EMPLOYMENT, SEVERANCE AND CHANGE OF CONTROL ARRANGEMENTS

    We entered into an employment agreement with Rudolph G. Morin effective
May 28, 1996. The original term of the agreement was two years and is subject to
automatic annual renewal for successive one-year terms unless either party
provides notice of termination at least 60 days prior to the end of each term.
The agreement fixes Mr. Morin's base salary, subject to increases, if any. On
August 25, 1999, the Compensation Committee approved an increase in Mr. Morin's
annual salary from $285,000 to $325,000, effective August 27, 1999. The
agreement provides for an incentive bonus award based on the achievement of
certain financial objectives, up to a maximum amount equal to 300% of base
salary. The agreement also provides for reimbursement of reasonable
out-of-pocket and ordinary expenses for commuting or relocating to the Mountain
View area and necessary business expenses incurred in performing services as
President and Chief Executive Officer and in his former role as Executive Vice
President, Operations & Finance and Chief Financial Officer. In May 1999, the
Compensation Committee approved a grant of 85,000 options to Mr. Morin under the
1999 Stock Option Plan. In 1996 pursuant to his agreement, Mr. Morin received
350,000 options to purchase shares of common stock under the 1989 Option Plan.
The agreement provides that these options will vest in full and become fully
exercisable in the event of any change in control. In the event Mr. Morin is
terminated other than for cause, or if he voluntarily terminates his employment
because of a material change in his job duties or title or specified acts of
misconduct by us, he is entitled under the agreement to receive a severance
payment equal to his then-current base salary for a period equal to the term of
employment remaining under the agreement (but not less than 12 months) and to
receive up to $40,000 in outplacement assistance.

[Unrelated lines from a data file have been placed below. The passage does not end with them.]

(* Let $\mathcal P=\langle F,R\rangle$ be a program and $H$ a hypothesis. Then $T_R(F)$ and the support $s^H_{\mathcal P}$ are compatible.
   Context: Let $\langle \mathcal{B},\le_t,\le_k\rangle$ be a complete, infinitely distributive bilattice with negation satisfying the infinitary interlacing conditions; $\wedge,\vee$ are meet/join for $\le_t$, $\otimes,\oplus$ meet/join for $\le_k$, $\mathcal U$ is the bottom of $\le_k$. A closed formula is built from ground literals and elements of $\mathcal B$ using $\wedge,\vee,\otimes,\oplus,\exists,\forall$ (quantifiers over closed terms). A program $\mathcal P=\langle F,R\rangle$ consists of a function $F$ from the Herbrand base $\mathcal{HB}_{\mathcal P}$ to $\mathcal B$ and a finite set $R$ of ground clauses $A\leftarrow B$, each ground atom being the head of at most one clause; $Head(\mathcal P)$ is the set of heads. An interpretation (or hypothesis) is a function $I:\mathcal{HB}_{\mathcal P}\to\mathcal B$, extended to closed formulas homomorphically ($I(\neg A)=\neg I(A)$, $I(X\wedge Y)=I(X)\wedge I(Y)$ etc., $\exists$ as $\bigvee$, $\forall$ as $\bigwedge$ over closed instances). Operations on interpretations are pointwise. $I,J$ are compatible if $I(A)\neq\mathcal U$ and $J(A)\neq\mathcal U$ imply $I(A)=J(A)$ for all $A$. $I\le J$ means $I(A)\neq\mathcal U\Rightarrow I(A)=J(A)$ for all $A$. $I_{/S}$ is $I$ on $S$ and $\mathcal U$ elsewhere. $B\equiv_I\alpha$ means $J(B)=\alpha$ for all $J$ with $I\le J$. $T_R(I)(A)=\alpha$ if there is a clause $A\leftarrow B$ in $R$ with $B\equiv_I\alpha$, and $\mathcal U$ otherwise. $H'$ is sound w.r.t. $\mathcal P$ if $F,H'$ are compatible and $H'_{/Head(\mathcal P)}\le T_R(F\oplus H')$. The support $s^H_{\mathcal P}$ of $H$ is the maximal (w.r.t. $\le$) interpretation $H'\le H$ that is sound w.r.t. $\mathcal P$; it equals $\bigoplus\{H'\mid H'\le H,\ H' \text{ sound w.r.t. } \mathcal P\}$. *)

From Stdlib Require Import List Vector Fin ClassicalEpsilon.
Import ListNotations.
Set Implicit Arguments.

Definition is_porder {A : Type} (le : A -> A -> Prop) : Prop :=
  (forall x, le x x) /\
  (forall x y, le x y -> le y x -> x = y) /\
  (forall x y z, le x y -> le y z -> le x z).

Definition is_big_inf {A : Type} (le : A -> A -> Prop)
  (inf : forall I : Type, (I -> A) -> A) : Prop :=
  forall (I : Type) (f : I -> A),
    (forall i, le (inf I f) (f i)) /\
    (forall z, (forall i, le z (f i)) -> le z (inf I f)).

Definition is_big_sup {A : Type} (le : A -> A -> Prop)
  (sup : forall I : Type, (I -> A) -> A) : Prop :=
  forall (I : Type) (f : I -> A),
    (forall i, le (f i) (sup I f)) /\
    (forall z, (forall i, le (f i) z) -> le (sup I f) z).

Definition bin_of {A : Type} (big : forall I : Type, (I -> A) -> A) (x y : A) : A :=
  big bool (fun b => if b then x else y).

(* infinitary distributive law: x o (big_i y_i) = big_i (x o y_i), nonempty families *)
Definition inf_distr {A : Type} (bin : A -> A -> A)
  (big : forall I : Type, (I -> A) -> A) : Prop :=
  forall (I : Type) (i0 : I) (x : A) (f : I -> A),
    bin x (big I f) = big I (fun i => bin x (f i)).

Definition inf_mono {A : Type} (le : A -> A -> Prop)
  (big : forall I : Type, (I -> A) -> A) : Prop :=
  forall (I : Type) (f g : I -> A), (forall i, le (f i) (g i)) -> le (big I f) (big I g).

Record Bilattice := {
  car :> Type;
  le_t : car -> car -> Prop;
  le_k : car -> car -> Prop;
  bigAnd : forall I : Type, (I -> car) -> car;
  bigOr : forall I : Type, (I -> car) -> car;
  bigOtimes : forall I : Type, (I -> car) -> car;
  bigOplus : forall I : Type, (I -> car) -> car;
  neg : car -> car;
  le_t_po : is_porder le_t;
  le_k_po : is_porder le_k;
  bigAnd_glb : is_big_inf le_t bigAnd;
  bigOr_lub : is_big_sup le_t bigOr;
  bigOtimes_glb : is_big_inf le_k bigOtimes;
  bigOplus_lub : is_big_sup le_k bigOplus;
  neg_t_anti : forall x y, le_t x y -> le_t (neg y) (neg x);
  neg_k_mono : forall x y, le_k x y -> le_k (neg x) (neg y);
  neg_invol : forall x, neg (neg x) = x;
  d_and_or : inf_distr (bin_of bigAnd) bigOr;
  d_and_ot : inf_distr (bin_of bigAnd) bigOtimes;
  d_and_op : inf_distr (bin_of bigAnd) bigOplus;
  d_or_and : inf_distr (bin_of bigOr) bigAnd;
  d_or_ot : inf_distr (bin_of bigOr) bigOtimes;
  d_or_op : inf_distr (bin_of bigOr) bigOplus;
  d_ot_and : inf_distr (bin_of bigOtimes) bigAnd;
  d_ot_or : inf_distr (bin_of bigOtimes) bigOr;
  d_ot_op : inf_distr (bin_of bigOtimes) bigOplus;
  d_op_and : inf_distr (bin_of bigOplus) bigAnd;
  d_op_or : inf_distr (bin_of bigOplus) bigOr;
  d_op_ot : inf_distr (bin_of bigOplus) bigOtimes;
  il_and : inf_mono le_k bigAnd;
  il_or : inf_mono le_k bigOr;
  il_ot : inf_mono le_t bigOtimes;
  il_op : inf_mono le_t bigOplus
}.

Section Logic.
Variable BL : Bilattice.

Definition bAnd : BL -> BL -> BL := bin_of (bigAnd BL).
Definition bOr : BL -> BL -> BL := bin_of (bigOr BL).
Definition bOtimes : BL -> BL -> BL := bin_of (bigOtimes BL).
Definition bOplus : BL -> BL -> BL := bin_of (bigOplus BL).
(* U = bottom of <=_k = join of the empty family *)
Definition Ubot : BL := @bigOplus BL False (fun e => match e with end).

End Logic.

Record Signature := {
  fsym : Type;  farity : fsym -> nat;
  psym : Type;  parity : psym -> nat
}.

Section Syntax.
Variable Sg : Signature.
Variable BL : Bilattice.

Inductive gterm : Type :=
  | GApp (f : fsym Sg) (args : Vector.t gterm (farity Sg f)).

Inductive gatom : Type :=
  | GAtom (p : psym Sg) (args : Vector.t gterm (parity Sg p)).

(* terms with n (de Bruijn-indexed) free variables *)
Inductive term (n : nat) : Type :=
  | TVar (i : Fin.t n)
  | TApp (f : fsym Sg) (args : Vector.t (term n) (farity Sg f)).

Fixpoint tinst {n : nat} (env : Fin.t n -> gterm) (t : term n) : gterm :=
  match t with
  | TVar i => env i
  | TApp f v => GApp f (Vector.map (tinst env) v)
  end.

(* formulas with n free variables; closed formulas are [formula 0] *)
Inductive formula : nat -> Type :=
  | FConst {n} (b : car BL) : formula n
  | FPos {n} (p : psym Sg) (args : Vector.t (term n) (parity Sg p)) : formula n
  | FNeg {n} (p : psym Sg) (args : Vector.t (term n) (parity Sg p)) : formula n
  | FAnd {n} (x y : formula n) : formula n
  | FOr {n} (x y : formula n) : formula n
  | FOtimes {n} (x y : formula n) : formula n
  | FOplus {n} (x y : formula n) : formula n
  | FExists {n} (x : formula (S n)) : formula n
  | FForall {n} (x : formula (S n)) : formula n.

Definition interp := gatom -> car BL.

Definition scons {n : nat} (t : gterm) (env : Fin.t n -> gterm) : Fin.t (S n) -> gterm :=
  fun i => Fin.caseS' i (fun _ => gterm) t env.

Fixpoint evalf (I : interp) {n : nat} (env : Fin.t n -> gterm) (x : formula n) : car BL :=
  match x in formula n return (Fin.t n -> gterm) -> car BL with
  | FConst b => fun _ => b
  | FPos p v => fun env => I (GAtom p (Vector.map (tinst env) v))
  | FNeg p v => fun env => neg BL (I (GAtom p (Vector.map (tinst env) v)))
  | FAnd x y => fun env => bAnd BL (evalf I env x) (evalf I env y)
  | FOr x y => fun env => bOr BL (evalf I env x) (evalf I env y)
  | FOtimes x y => fun env => bOtimes BL (evalf I env x) (evalf I env y)
  | FOplus x y => fun env => bOplus BL (evalf I env x) (evalf I env y)
  | FExists x => fun env => @bigOr BL gterm (fun t => evalf I (scons t env) x)
  | FForall x => fun env => @bigAnd BL gterm (fun t => evalf I (scons t env) x)
  end env.

Definition env0 : Fin.t 0 -> gterm := fun i => Fin.case0 (fun _ => gterm) i.

Definition evalc (I : interp) (x : formula 0) : car BL := evalf I env0 x.

Record clause := { chead : gatom; cbody : formula 0 }.

Record program := {
  progF : interp;
  progR : list clause;   (* finite set of ground clauses *)
  progR_head_unique : forall c1 c2, List.In c1 progR -> List.In c2 progR ->
                        chead c1 = chead c2 -> c1 = c2
}.

Definition inHead (P : program) (A : gatom) : Prop :=
  exists c, List.In c (progR P) /\ chead c = A.

Definition ioplus (I J : interp) : interp := fun A => bOplus BL (I A) (J A).

Definition compatible (I J : interp) : Prop :=
  forall A, I A <> Ubot BL -> J A <> Ubot BL -> I A = J A.

Definition ile (I J : interp) : Prop :=
  forall A, I A <> Ubot BL -> I A = J A.

Definition restrict (I : interp) (Sset : gatom -> Prop) : interp :=
  fun A => match excluded_middle_informative (Sset A) with
           | left _ => I A
           | right _ => Ubot BL
           end.

Definition equivI (I : interp) (B : formula 0) (a : car BL) : Prop :=
  forall J, ile I J -> evalc J B = a.

Definition TR_cond (R : list clause) (I : interp) (A : gatom) (a : car BL) : Prop :=
  exists c, List.In c R /\ chead c = A /\ equivI I (cbody c) a.

Definition TR (R : list clause) (I : interp) : interp :=
  fun A => match excluded_middle_informative (exists a, TR_cond R I A a) with
           | left e => proj1_sig (constructive_indefinite_description _ e)
           | right _ => Ubot BL
           end.

Definition sound (P : program) (H' : interp) : Prop :=
  compatible (progF P) H' /\
  ile (restrict H' (inHead P)) (TR (progR P) (ioplus (progF P) H')).

Definition support (P : program) (H : interp) : interp :=
  fun A => @bigOplus BL {H' : interp | ile H' H /\ sound P H'}
                       (fun H' => proj1_sig H' A).

End Syntax.

(** The support only ever takes the values of [H] (every sound [H' <= H] agrees
    with [H] where it is defined), and wherever it is defined some sound
    [H' <= H] is defined too.  Soundness gives [H' A = T_R(F (+) H') A], and
    compatibility of [F] with [H'] makes [F <= F (+) H'], so monotonicity of
    [T_R] under [<=] yields [T_R(F) A = T_R(F (+) H') A = H' A]. *)
From Stdlib Require Import ClassicalEpsilon Classical.

Set Implicit Arguments.

Section BilatticeFacts.
Context {BL : Bilattice}.

Lemma le_k_refl (x : BL) : le_k BL x x.
Proof. destruct (le_k_po BL) as [refl _]. apply refl. Qed.

Lemma le_k_antisym (x y : BL) : le_k BL x y -> le_k BL y x -> x = y.
Proof. destruct (le_k_po BL) as [_ [antisym _]]. apply antisym. Qed.

Lemma Ubot_le_k (x : BL) : le_k BL (Ubot BL) x.
Proof.
  destruct (@bigOplus_lub BL False (fun e => match e with end)) as [_ least].
  apply least. intros [].
Qed.

Lemma bigOplus_two_valued (I : Type) (f : I -> BL) (v : BL) :
  (forall i, f i = Ubot BL \/ f i = v) -> (exists i, f i = v) ->
  @bigOplus BL I f = v.
Proof.
  intros Hf [i0 Hi0]. destruct (@bigOplus_lub BL I f) as [upper least].
  apply le_k_antisym.
  - apply least. intros i. destruct (Hf i) as [-> | ->].
    + apply Ubot_le_k.
    + apply le_k_refl.
  - rewrite <- Hi0. apply upper.
Qed.

Lemma bigOplus_Ubot (I : Type) (f : I -> BL) :
  (forall i, f i = Ubot BL) -> @bigOplus BL I f = Ubot BL.
Proof.
  intros Hf. destruct (@bigOplus_lub BL I f) as [_ least].
  apply le_k_antisym.
  - apply least. intros i. rewrite Hf. apply le_k_refl.
  - apply Ubot_le_k.
Qed.

Lemma bigOplus_neq_Ubot {I : Type} {f : I -> BL} :
  @bigOplus BL I f <> Ubot BL -> exists i, f i <> Ubot BL.
Proof.
  intros Hsup. apply NNPP. intros Hall. apply Hsup, bigOplus_Ubot.
  intros i. apply NNPP. intros Hi. apply Hall. exists i. exact Hi.
Qed.

Lemma bOplus_absorb (x y : BL) : y = Ubot BL \/ y = x -> bOplus BL x y = x.
Proof.
  intros Hy. apply bigOplus_two_valued.
  - intros [|]; [right; reflexivity | exact Hy].
  - exists true. reflexivity.
Qed.

End BilatticeFacts.

Section Programs.
Context {BL : Bilattice} {Sg : Signature}.
Variable P : program Sg BL.

Lemma ile_refl (I : interp Sg BL) : ile I I.
Proof. intros A _. reflexivity. Qed.

Lemma ile_trans (I J K : interp Sg BL) : ile I J -> ile J K -> ile I K.
Proof.
  intros HIJ HJK A HA. rewrite (HIJ A HA). apply HJK. rewrite <- (HIJ A HA). exact HA.
Qed.

Lemma ile_ioplus (I J : interp Sg BL) : compatible I J -> ile I (ioplus I J).
Proof.
  intros Hcomp A HA. symmetry. apply bOplus_absorb.
  destruct (classic (J A = Ubot BL)) as [HJ | HJ].
  - left. exact HJ.
  - right. symmetry. exact (Hcomp A HA HJ).
Qed.

Lemma restrict_in (I : interp Sg BL) {S : gatom Sg -> Prop} {A : gatom Sg} :
  S A -> restrict I S A = I A.
Proof.
  intros HA. unfold restrict.
  destruct (excluded_middle_informative (S A)); [reflexivity | contradiction].
Qed.

Lemma equivI_ile (I J : interp Sg BL) (B : formula Sg BL 0) (a : BL) :
  ile I J -> equivI I B a -> equivI J B a.
Proof. intros HIJ HB K HJK. apply HB, (ile_trans HIJ HJK). Qed.

Lemma TR_cond_TR {R : list (clause Sg BL)} {I : interp Sg BL} {A : gatom Sg} :
  TR R I A <> Ubot BL -> TR_cond R I A (TR R I A).
Proof.
  unfold TR. destruct (excluded_middle_informative _) as [e | _].
  - exact (fun _ => proj2_sig (constructive_indefinite_description _ e)).
  - intros HU. contradiction HU. reflexivity.
Qed.

Lemma TR_eq (I : interp Sg BL) (A : gatom Sg) (a : BL) :
  TR_cond (progR P) I A a -> TR (progR P) I A = a.
Proof.
  intros [c [Hc [Hhead Hbody]]]. unfold TR.
  destruct (excluded_middle_informative _) as [e | Hno].
  - destruct (constructive_indefinite_description _ e) as [a' [c' [Hc' [Hhead' Hbody']]]].
    simpl. assert (c' = c) as -> by (apply (progR_head_unique P); congruence).
    rewrite <- (Hbody' I (ile_refl I)). apply (Hbody I (ile_refl I)).
  - contradiction Hno. exists a, c. auto.
Qed.

Lemma TR_mono (I J : interp Sg BL) :
  ile I J -> ile (TR (progR P) I) (TR (progR P) J).
Proof.
  intros HIJ A HA. symmetry. apply TR_eq.
  destruct (TR_cond_TR HA) as [c [Hc [Hhead Hbody]]].
  exists c. split; [exact Hc | split; [exact Hhead | exact (equivI_ile HIJ Hbody)]].
Qed.

Lemma TR_inHead {I : interp Sg BL} {A : gatom Sg} :
  TR (progR P) I A <> Ubot BL -> inHead P A.
Proof. intros HA. destruct (TR_cond_TR HA) as [c [Hc [Hhead _]]]. exists c. auto. Qed.

Lemma sound_TR {H' : interp Sg BL} {A : gatom Sg} :
  sound P H' -> H' A <> Ubot BL -> TR (progR P) (progF P) A <> Ubot BL ->
  H' A = TR (progR P) (progF P) A.
Proof.
  intros [Hcomp Hsound] HA HT.
  assert (Hrestr : restrict H' (inHead P) A = H' A) by exact (restrict_in H' (TR_inHead HT)).
  rewrite (TR_mono (ile_ioplus Hcomp) A HT), <- Hrestr.
  apply Hsound. rewrite Hrestr. exact HA.
Qed.

Lemma support_witness {H : interp Sg BL} {A : gatom Sg} :
  support P H A <> Ubot BL ->
  exists H', ile H' H /\ sound P H' /\ H' A <> Ubot BL.
Proof.
  intros HS. destruct (bigOplus_neq_Ubot HS) as [[H' [HH' Hsound]] HA].
  exists H'. auto.
Qed.

Lemma support_ile (H : interp Sg BL) : ile (support P H) H.
Proof.
  intros A HS. destruct (bigOplus_neq_Ubot HS) as [[H' [HH' Hsound]] HA].
  apply bigOplus_two_valued.
  - intros [K HK]. simpl. destruct HK as [HK _].
    destruct (classic (K A = Ubot BL)) as [HU | HU]; [left | right]; auto.
  - exists (exist _ H' (conj HH' Hsound)). exact (HH' A HA).
Qed.

End Programs.

Theorem mainTheorem3 (BL : Bilattice) (Sg : Signature) (P : program Sg BL)
  (H : interp Sg BL) :
  compatible (TR (progR P) (progF P)) (support P H).
Proof.
  intros A HT HS.
  destruct (support_witness P HS) as [H' [HH' [Hsound HA]]].
  rewrite (support_ile P H A HS), <- (HH' A HA).
  symmetry. exact (sound_TR Hsound HA HT).
Qed.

    We entered into an employment agreement with Robert G. Gilbertson effective
May 20, 1996. The agreement originally fixed Mr. Gilbertson's annual salary at
$300,000. On May 28, 1998, the Compensation Committee approved an increase in
Mr. Gilbertson's salary from $300,000 to $325,000, which was subsequently
reduced to $162,500 when Mr. Gilbertson assumed a role as half-time employee.
Mr. Gilbertson's agreement remains subject to further annual increases, if any,
and provides for an incentive bonus award based on the achievement of certain
financial objectives, up to a maximum amount equal to 300% of base salary. The
agreement also provides for reimbursement of reasonable out-of-pocket and
ordinary expenses for commuting or relocating to the Mountain View area and
necessary business expenses incurred in performing services as Chairman of the
Board. As part of his agreement, Mr. Gilbertson has been granted options to
purchase 700,000 shares of Common Stock. The agreement provides that these
options will become fully exercisable in the event of a change of control. The
agreement provides that all stock options currently held by Mr. Gilbertson under
the 1989 Option Plan and other outside plans will vest in full and become fully
exercisable in the event of any change in control after six months from
employment date. In the event Mr. Gilbertson is terminated other than for cause,
or if he voluntarily terminates his employment because of a material change in
his job duties or title or specified acts of misconduct by us, he is entitled
under the agreement to receive a severance payment equal to his then-current
base salary for a period equal to the term of employment remaining under the
agreement (but not less than 12 months) and to receive up to $40,000 in
outplacement assistance.

    In April 2000, we entered into a Confidential Separation Agreement with John
DeSantis pursuant to which Mr. DeSantis resigned as Senior Vice President, Sales
and Marketing effective April 3, 2000. The agreement provides that, for a period
of six (6) months after April 3, 2000, Mr. DeSantis will receive severance
payments of $21,667 per month. Under the agreement, Mr. DeSantis has agreed to
provide consulting services through October 3, 2000 to facilitate the transfer
of responsibilities as Senior Vice President, Sales and Marketing and to hold
himself available to provide additional part-time consulting services as needed,
on a schedule consistent with such duties as Mr. DeSantis may have as a
full-time

                                       47

employee elsewhere. The agreement also provides that the stock options granted
to Mr. DeSantis will continue to vest through October 3, 2000.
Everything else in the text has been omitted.